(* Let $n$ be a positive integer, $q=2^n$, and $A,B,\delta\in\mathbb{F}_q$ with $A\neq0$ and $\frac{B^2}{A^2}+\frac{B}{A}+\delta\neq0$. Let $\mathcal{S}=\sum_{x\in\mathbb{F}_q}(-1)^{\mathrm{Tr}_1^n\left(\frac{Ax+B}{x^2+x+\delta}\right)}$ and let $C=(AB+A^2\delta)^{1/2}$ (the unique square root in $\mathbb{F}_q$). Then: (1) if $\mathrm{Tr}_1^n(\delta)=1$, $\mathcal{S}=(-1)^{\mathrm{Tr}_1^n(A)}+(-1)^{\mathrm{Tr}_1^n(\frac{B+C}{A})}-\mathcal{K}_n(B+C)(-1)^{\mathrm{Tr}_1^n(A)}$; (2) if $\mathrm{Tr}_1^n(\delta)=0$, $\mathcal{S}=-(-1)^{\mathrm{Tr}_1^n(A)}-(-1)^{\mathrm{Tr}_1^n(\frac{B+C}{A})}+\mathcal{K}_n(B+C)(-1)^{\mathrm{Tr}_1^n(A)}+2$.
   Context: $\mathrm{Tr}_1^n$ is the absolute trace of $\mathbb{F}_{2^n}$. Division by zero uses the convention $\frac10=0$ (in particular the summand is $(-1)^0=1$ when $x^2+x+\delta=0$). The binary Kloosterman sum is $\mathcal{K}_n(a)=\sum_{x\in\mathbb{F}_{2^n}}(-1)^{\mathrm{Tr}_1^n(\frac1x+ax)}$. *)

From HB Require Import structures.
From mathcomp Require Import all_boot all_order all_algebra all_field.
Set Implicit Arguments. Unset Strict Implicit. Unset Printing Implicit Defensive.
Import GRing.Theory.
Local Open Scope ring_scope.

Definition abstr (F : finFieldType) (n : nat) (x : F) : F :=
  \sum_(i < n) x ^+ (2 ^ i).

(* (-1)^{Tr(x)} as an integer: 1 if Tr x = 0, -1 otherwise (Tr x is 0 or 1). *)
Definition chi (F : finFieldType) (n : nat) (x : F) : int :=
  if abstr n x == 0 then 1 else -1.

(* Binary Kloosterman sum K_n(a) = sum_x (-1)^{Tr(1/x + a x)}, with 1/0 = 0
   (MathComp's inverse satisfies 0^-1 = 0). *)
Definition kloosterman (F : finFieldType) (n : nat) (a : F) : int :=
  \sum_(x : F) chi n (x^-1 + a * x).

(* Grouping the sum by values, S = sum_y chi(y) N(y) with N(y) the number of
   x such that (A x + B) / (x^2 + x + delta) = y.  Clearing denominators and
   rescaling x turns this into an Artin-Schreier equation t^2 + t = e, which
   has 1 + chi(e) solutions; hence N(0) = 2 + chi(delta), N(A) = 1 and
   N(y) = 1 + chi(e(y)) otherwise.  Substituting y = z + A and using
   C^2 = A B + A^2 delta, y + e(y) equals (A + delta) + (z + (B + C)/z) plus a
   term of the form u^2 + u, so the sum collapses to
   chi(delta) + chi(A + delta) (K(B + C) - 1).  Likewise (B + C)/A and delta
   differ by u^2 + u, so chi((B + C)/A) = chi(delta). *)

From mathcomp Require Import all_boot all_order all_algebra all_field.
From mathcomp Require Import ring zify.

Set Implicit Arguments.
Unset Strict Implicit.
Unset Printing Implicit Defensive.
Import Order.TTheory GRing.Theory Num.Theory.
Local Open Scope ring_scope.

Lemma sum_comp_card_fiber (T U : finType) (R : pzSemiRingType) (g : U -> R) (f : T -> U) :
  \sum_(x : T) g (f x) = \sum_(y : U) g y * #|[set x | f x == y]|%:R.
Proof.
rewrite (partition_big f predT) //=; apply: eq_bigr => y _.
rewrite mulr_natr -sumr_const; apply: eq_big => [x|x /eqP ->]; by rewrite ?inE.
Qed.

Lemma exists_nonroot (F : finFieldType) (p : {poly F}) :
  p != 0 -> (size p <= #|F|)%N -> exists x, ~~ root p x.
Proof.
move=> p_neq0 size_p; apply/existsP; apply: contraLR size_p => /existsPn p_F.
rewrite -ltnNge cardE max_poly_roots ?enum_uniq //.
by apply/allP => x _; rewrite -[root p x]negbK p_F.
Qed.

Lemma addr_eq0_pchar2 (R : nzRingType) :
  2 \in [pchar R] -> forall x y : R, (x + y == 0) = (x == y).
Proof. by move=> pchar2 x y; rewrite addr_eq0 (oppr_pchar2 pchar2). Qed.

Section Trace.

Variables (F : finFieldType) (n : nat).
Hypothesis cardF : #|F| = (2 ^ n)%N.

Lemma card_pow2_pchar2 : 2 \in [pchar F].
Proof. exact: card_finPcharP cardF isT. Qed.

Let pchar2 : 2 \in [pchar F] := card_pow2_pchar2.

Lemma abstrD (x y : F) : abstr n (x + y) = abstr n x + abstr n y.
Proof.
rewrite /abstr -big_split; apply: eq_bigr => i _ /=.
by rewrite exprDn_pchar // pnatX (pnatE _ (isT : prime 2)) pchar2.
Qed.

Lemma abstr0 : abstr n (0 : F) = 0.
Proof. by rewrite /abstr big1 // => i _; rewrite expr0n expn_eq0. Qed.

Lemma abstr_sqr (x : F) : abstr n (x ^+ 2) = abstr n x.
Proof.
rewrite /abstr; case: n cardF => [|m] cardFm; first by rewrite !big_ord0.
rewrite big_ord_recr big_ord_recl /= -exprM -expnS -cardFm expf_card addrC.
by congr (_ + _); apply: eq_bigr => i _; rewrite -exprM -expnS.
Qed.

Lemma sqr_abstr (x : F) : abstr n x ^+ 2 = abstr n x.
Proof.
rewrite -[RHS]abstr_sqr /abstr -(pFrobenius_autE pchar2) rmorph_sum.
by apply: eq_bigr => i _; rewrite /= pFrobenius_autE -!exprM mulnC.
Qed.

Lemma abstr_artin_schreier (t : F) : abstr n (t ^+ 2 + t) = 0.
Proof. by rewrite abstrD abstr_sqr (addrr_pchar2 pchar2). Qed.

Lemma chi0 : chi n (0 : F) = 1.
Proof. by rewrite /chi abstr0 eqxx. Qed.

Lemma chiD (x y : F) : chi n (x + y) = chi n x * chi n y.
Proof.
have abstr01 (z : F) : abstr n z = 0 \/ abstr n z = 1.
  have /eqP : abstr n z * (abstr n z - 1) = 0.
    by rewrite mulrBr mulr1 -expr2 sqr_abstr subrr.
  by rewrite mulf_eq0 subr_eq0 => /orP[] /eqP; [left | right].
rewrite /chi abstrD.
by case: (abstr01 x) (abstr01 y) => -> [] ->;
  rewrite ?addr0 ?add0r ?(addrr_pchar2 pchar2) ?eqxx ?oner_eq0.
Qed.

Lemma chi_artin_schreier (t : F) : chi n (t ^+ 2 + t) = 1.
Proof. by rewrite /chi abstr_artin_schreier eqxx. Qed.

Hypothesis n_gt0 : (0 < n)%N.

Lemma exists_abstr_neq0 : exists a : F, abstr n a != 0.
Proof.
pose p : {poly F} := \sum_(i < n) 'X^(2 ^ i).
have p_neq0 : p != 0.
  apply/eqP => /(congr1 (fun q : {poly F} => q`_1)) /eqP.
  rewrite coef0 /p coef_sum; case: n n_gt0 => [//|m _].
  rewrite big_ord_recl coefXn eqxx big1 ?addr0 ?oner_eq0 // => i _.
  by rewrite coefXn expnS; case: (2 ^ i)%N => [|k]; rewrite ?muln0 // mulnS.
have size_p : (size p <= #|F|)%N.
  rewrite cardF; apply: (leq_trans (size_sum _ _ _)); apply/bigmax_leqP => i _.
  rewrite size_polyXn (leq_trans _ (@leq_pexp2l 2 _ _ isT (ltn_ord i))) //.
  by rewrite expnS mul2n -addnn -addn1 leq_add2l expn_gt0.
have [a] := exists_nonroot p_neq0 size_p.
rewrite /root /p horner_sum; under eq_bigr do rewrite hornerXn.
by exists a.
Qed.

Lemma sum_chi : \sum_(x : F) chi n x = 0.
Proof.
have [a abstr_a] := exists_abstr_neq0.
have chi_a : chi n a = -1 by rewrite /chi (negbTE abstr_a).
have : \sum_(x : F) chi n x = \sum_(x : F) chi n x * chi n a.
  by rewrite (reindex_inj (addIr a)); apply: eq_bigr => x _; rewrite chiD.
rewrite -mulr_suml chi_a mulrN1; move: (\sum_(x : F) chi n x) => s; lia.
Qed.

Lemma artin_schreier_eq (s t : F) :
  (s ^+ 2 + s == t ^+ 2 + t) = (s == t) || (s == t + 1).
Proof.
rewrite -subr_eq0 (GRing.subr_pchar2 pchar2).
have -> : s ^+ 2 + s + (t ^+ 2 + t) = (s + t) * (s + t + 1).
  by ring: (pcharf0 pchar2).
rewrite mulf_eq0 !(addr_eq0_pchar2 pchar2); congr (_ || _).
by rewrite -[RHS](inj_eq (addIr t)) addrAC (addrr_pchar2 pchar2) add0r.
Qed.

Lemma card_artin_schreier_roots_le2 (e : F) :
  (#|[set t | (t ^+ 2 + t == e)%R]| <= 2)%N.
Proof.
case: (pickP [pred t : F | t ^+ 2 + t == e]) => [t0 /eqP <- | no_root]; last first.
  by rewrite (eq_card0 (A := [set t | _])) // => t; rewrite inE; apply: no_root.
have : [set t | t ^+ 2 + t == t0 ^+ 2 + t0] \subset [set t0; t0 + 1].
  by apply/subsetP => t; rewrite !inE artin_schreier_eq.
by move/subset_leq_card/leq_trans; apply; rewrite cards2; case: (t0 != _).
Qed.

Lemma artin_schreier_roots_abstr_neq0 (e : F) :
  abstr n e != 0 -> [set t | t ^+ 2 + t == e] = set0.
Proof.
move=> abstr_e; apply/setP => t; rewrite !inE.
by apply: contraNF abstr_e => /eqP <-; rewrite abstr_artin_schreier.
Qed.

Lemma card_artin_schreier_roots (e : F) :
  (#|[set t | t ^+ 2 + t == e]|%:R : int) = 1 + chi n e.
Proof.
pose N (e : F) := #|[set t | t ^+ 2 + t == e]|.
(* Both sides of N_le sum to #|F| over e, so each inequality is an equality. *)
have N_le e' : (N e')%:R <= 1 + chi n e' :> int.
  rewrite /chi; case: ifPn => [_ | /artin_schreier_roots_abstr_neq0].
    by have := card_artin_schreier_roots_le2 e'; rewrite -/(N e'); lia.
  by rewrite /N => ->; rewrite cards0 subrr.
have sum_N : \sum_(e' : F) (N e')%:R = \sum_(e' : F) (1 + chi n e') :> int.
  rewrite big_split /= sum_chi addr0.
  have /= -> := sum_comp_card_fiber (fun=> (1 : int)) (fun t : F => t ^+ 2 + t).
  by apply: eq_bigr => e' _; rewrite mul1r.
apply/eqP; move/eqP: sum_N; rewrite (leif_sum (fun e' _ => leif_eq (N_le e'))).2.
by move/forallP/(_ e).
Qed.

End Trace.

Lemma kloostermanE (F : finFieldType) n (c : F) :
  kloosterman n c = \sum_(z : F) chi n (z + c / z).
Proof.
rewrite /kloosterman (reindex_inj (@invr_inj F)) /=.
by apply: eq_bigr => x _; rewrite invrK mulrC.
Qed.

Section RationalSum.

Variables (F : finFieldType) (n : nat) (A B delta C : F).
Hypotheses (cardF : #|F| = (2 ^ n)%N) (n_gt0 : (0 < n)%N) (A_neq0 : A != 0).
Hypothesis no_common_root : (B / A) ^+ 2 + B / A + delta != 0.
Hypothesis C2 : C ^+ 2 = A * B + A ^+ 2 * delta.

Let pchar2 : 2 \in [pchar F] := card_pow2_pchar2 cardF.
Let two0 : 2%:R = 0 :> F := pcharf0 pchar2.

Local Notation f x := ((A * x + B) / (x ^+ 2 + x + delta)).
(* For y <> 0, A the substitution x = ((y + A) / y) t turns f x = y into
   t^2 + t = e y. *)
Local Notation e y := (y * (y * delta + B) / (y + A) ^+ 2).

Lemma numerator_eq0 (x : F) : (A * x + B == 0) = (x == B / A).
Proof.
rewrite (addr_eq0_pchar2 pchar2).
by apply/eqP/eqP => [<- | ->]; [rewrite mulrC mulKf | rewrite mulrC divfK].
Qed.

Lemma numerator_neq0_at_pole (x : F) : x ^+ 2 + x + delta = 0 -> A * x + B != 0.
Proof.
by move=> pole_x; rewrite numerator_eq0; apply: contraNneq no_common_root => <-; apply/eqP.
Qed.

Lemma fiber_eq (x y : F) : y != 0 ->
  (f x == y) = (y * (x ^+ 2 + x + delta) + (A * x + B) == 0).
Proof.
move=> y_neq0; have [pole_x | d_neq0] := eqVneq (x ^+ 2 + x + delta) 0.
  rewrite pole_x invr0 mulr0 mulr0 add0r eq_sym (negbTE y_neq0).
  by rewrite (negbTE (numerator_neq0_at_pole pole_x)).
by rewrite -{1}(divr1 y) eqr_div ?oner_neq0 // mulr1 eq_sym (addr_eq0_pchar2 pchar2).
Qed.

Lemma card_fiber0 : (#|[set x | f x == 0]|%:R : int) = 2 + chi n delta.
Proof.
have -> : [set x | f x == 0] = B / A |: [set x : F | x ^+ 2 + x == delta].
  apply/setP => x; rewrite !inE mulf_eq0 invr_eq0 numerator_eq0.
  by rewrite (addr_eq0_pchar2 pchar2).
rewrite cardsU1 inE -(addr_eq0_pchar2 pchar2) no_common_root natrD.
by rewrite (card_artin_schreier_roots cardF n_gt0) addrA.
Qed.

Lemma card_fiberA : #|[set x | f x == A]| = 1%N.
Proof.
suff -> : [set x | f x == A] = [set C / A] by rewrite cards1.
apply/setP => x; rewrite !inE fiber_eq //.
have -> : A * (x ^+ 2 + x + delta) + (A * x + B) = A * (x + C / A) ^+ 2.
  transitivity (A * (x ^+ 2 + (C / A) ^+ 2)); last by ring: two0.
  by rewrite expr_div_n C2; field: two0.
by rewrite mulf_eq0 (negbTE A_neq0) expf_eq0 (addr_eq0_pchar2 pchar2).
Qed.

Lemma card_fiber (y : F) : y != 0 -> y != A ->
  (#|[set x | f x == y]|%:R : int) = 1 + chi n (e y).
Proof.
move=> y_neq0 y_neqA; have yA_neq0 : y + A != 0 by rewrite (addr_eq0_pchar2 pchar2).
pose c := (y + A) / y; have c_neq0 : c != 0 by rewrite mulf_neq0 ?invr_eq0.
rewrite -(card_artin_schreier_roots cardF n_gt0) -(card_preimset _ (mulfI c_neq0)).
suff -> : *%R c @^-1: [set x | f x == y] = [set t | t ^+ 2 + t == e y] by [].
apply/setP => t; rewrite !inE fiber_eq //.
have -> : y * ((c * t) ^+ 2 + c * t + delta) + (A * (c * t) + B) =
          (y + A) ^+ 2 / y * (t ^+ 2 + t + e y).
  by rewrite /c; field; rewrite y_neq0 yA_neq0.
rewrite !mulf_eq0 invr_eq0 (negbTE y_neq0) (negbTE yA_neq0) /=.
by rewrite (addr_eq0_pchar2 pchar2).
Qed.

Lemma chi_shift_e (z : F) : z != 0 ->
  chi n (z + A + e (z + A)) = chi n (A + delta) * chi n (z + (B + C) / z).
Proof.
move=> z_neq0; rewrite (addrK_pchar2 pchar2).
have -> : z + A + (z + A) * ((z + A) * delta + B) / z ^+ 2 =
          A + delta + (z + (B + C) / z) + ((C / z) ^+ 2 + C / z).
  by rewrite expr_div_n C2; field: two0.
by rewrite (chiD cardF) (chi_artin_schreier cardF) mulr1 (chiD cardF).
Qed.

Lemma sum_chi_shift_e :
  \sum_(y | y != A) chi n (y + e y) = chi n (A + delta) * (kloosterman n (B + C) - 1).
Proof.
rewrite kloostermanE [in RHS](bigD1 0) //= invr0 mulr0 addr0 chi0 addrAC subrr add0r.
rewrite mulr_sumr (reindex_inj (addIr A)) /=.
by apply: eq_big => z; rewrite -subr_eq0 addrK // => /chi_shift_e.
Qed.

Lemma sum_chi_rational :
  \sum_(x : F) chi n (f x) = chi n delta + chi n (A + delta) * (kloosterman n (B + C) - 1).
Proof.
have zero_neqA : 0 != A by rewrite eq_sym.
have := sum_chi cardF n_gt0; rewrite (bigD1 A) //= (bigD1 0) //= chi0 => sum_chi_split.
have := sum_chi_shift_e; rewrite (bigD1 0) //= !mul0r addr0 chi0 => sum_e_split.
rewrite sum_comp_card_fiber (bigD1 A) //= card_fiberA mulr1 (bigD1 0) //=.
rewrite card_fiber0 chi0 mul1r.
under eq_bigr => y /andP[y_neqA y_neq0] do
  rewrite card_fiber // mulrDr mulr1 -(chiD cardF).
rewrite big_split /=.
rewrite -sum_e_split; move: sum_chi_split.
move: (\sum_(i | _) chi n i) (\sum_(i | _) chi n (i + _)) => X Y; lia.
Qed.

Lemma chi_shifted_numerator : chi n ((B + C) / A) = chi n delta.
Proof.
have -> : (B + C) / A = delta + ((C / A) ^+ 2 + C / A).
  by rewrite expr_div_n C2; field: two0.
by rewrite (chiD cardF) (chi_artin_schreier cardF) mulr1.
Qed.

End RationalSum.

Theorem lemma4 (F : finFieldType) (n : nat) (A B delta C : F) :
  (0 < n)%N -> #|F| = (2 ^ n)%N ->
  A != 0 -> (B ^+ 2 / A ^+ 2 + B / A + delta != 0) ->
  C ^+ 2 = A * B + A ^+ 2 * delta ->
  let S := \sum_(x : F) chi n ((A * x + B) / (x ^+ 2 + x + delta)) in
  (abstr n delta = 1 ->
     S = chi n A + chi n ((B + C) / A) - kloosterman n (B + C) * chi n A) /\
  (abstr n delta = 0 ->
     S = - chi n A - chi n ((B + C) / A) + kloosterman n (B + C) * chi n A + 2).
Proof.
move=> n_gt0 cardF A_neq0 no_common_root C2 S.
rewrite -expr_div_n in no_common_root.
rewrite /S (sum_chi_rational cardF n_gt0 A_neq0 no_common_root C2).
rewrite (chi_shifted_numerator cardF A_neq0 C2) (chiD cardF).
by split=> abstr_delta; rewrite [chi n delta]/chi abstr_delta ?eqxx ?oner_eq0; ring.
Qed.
*****
EXERCISE PROMPT => Starting at the line above that holds "(#|[set x | f x == y]|%:R" and ending at the line that holds "rewrite -sum_e_split; move: sum_chi_split.", transcribe each line exactly and include no other lines.

RESPONSE TO THIS TASK =>
  (#|[set x | f x == y]|%:R : int) = 1 + chi n (e y).
Proof.
move=> y_neq0 y_neqA; have yA_neq0 : y + A != 0 by rewrite (addr_eq0_pchar2 pchar2).
pose c := (y + A) / y; have c_neq0 : c != 0 by rewrite mulf_neq0 ?invr_eq0.
rewrite -(card_artin_schreier_roots cardF n_gt0) -(card_preimset _ (mulfI c_neq0)).
suff -> : *%R c @^-1: [set x | f x == y] = [set t | t ^+ 2 + t == e y] by [].
apply/setP => t; rewrite !inE fiber_eq //.
have -> : y * ((c * t) ^+ 2 + c * t + delta) + (A * (c * t) + B) =
          (y + A) ^+ 2 / y * (t ^+ 2 + t + e y).
  by rewrite /c; field; rewrite y_neq0 yA_neq0.
rewrite !mulf_eq0 invr_eq0 (negbTE y_neq0) (negbTE yA_neq0) /=.
by rewrite (addr_eq0_pchar2 pchar2).
Qed.

Lemma chi_shift_e (z : F) : z != 0 ->
  chi n (z + A + e (z + A)) = chi n (A + delta) * chi n (z + (B + C) / z).
Proof.
move=> z_neq0; rewrite (addrK_pchar2 pchar2).
have -> : z + A + (z + A) * ((z + A) * delta + B) / z ^+ 2 =
          A + delta + (z + (B + C) / z) + ((C / z) ^+ 2 + C / z).
  by rewrite expr_div_n C2; field: two0.
by rewrite (chiD cardF) (chi_artin_schreier cardF) mulr1 (chiD cardF).
Qed.

Lemma sum_chi_shift_e :
  \sum_(y | y != A) chi n (y + e y) = chi n (A + delta) * (kloosterman n (B + C) - 1).
Proof.
rewrite kloostermanE [in RHS](bigD1 0) //= invr0 mulr0 addr0 chi0 addrAC subrr add0r.
rewrite mulr_sumr (reindex_inj (addIr A)) /=.
by apply: eq_big => z; rewrite -subr_eq0 addrK // => /chi_shift_e.
Qed.

Lemma sum_chi_rational :
  \sum_(x : F) chi n (f x) = chi n delta + chi n (A + delta) * (kloosterman n (B + C) - 1).
Proof.
have zero_neqA : 0 != A by rewrite eq_sym.
have := sum_chi cardF n_gt0; rewrite (bigD1 A) //= (bigD1 0) //= chi0 => sum_chi_split.
have := sum_chi_shift_e; rewrite (bigD1 0) //= !mul0r addr0 chi0 => sum_e_split.
rewrite sum_comp_card_fiber (bigD1 A) //= card_fiberA mulr1 (bigD1 0) //=.
rewrite card_fiber0 chi0 mul1r.
under eq_bigr => y /andP[y_neqA y_neq0] do
  rewrite card_fiber // mulrDr mulr1 -(chiD cardF).
rewrite big_split /=.
rewrite -sum_e_split; move: sum_chi_split.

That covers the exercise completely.